From the material below, copy each line that holds the word "replace".

===== Data provided

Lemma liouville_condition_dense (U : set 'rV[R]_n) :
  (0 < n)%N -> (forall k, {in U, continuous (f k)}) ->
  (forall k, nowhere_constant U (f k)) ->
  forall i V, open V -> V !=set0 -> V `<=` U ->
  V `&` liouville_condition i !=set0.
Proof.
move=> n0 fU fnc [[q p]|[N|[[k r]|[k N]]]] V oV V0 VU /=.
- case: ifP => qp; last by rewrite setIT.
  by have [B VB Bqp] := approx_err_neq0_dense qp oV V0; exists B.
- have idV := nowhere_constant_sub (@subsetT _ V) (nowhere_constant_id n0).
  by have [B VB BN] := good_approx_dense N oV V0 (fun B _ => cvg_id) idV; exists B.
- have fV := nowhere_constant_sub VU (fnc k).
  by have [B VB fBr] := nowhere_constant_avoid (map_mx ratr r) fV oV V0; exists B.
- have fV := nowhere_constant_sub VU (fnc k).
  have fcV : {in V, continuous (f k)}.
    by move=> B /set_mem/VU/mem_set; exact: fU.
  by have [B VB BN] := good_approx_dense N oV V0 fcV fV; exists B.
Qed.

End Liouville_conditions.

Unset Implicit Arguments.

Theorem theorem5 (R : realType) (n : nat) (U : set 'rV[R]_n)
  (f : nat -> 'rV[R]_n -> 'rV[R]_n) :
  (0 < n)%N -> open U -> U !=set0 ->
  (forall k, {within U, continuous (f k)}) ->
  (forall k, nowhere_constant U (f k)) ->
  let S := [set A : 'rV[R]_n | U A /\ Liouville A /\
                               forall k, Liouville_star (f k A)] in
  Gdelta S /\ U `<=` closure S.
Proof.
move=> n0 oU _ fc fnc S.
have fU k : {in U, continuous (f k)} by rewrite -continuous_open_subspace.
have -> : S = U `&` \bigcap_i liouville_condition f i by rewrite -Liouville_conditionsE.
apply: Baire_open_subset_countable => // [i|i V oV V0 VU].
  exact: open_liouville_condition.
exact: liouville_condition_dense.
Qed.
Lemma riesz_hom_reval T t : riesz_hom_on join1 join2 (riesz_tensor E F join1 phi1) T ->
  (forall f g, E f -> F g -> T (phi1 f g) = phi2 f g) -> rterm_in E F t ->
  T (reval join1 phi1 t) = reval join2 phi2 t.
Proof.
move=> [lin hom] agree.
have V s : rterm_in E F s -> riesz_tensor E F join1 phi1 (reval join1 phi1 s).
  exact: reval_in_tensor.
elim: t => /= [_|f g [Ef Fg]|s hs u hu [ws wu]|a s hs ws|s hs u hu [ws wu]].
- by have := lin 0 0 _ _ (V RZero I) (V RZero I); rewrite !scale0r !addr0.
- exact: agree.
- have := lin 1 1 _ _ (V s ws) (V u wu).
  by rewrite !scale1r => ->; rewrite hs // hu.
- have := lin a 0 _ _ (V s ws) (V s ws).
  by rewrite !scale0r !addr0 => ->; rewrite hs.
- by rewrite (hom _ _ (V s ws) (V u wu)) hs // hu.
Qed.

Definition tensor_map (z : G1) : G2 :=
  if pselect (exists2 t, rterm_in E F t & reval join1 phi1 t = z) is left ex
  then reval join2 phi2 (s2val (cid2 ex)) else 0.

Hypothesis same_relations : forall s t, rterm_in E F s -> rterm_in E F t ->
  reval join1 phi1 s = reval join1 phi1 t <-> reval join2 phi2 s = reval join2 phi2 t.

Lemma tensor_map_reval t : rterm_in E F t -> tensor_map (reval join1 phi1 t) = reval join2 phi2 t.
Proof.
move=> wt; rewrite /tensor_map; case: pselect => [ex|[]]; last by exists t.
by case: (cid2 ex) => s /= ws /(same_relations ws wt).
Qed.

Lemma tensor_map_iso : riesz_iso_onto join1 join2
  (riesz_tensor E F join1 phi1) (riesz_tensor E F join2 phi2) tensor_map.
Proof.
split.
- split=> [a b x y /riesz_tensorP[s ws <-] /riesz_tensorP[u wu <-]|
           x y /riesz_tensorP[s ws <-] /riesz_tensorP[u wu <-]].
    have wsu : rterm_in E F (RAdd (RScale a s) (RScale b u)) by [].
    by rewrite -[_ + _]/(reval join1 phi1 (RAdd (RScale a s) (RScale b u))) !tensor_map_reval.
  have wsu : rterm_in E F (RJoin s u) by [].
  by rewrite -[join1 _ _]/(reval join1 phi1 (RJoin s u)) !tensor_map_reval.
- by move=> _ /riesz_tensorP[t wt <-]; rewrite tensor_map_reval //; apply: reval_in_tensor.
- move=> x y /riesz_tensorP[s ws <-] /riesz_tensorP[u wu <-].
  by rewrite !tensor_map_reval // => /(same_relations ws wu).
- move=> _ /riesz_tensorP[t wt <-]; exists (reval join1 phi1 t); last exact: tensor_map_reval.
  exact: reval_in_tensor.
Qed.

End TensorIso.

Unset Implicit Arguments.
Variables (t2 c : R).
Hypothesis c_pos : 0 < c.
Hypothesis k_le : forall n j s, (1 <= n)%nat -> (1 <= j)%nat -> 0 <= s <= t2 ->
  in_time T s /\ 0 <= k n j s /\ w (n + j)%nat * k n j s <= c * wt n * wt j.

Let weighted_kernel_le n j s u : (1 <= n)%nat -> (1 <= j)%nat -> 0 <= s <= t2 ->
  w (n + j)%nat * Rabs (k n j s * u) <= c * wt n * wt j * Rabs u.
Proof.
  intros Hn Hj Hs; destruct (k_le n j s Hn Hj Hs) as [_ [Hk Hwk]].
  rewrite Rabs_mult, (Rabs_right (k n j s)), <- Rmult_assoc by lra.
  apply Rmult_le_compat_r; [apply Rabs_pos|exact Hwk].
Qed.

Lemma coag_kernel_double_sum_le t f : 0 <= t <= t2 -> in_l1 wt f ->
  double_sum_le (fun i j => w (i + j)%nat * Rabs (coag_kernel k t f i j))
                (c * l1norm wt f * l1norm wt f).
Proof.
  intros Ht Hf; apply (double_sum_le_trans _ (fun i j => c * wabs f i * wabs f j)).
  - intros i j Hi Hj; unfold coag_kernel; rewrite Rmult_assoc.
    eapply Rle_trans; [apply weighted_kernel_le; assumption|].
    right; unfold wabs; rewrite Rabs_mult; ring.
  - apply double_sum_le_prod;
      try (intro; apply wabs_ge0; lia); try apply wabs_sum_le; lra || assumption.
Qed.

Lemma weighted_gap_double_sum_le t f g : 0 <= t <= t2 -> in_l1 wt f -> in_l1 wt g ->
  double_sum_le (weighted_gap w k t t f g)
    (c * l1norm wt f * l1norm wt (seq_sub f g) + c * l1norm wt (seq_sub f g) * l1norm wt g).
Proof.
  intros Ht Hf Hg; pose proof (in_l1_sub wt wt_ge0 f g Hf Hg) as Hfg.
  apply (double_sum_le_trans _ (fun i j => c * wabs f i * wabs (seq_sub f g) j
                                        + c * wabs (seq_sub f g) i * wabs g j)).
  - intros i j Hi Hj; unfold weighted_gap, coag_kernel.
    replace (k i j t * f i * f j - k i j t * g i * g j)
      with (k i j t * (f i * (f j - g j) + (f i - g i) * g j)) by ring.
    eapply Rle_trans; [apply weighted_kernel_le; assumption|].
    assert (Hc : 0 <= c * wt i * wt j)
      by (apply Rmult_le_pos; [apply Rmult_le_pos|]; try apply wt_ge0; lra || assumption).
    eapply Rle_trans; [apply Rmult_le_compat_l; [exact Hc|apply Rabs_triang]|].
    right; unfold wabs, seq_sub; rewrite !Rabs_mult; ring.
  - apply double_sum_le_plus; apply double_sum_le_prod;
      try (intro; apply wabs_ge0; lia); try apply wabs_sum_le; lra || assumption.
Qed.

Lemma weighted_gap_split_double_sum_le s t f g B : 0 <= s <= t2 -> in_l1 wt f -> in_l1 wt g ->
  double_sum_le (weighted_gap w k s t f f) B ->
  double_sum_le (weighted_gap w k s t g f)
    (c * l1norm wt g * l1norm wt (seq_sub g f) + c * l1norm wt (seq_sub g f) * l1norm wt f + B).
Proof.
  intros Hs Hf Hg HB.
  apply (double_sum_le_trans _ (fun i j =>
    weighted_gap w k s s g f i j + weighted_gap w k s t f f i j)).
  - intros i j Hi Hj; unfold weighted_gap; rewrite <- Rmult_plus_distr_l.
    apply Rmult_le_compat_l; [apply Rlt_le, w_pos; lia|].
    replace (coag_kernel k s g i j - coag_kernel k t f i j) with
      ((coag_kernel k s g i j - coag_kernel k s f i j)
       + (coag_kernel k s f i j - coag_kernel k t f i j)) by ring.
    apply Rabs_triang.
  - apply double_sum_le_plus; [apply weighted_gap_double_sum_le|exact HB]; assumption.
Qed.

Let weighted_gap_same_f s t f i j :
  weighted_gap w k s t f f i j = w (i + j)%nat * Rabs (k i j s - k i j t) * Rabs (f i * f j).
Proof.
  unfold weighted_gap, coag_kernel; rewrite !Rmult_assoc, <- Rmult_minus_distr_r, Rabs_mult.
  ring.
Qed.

==========

• _Result for this exercise_:
    replace (k i j t * f i * f j - k i j t * g i * g j)
    replace (coag_kernel k s g i j - coag_kernel k t f i j) with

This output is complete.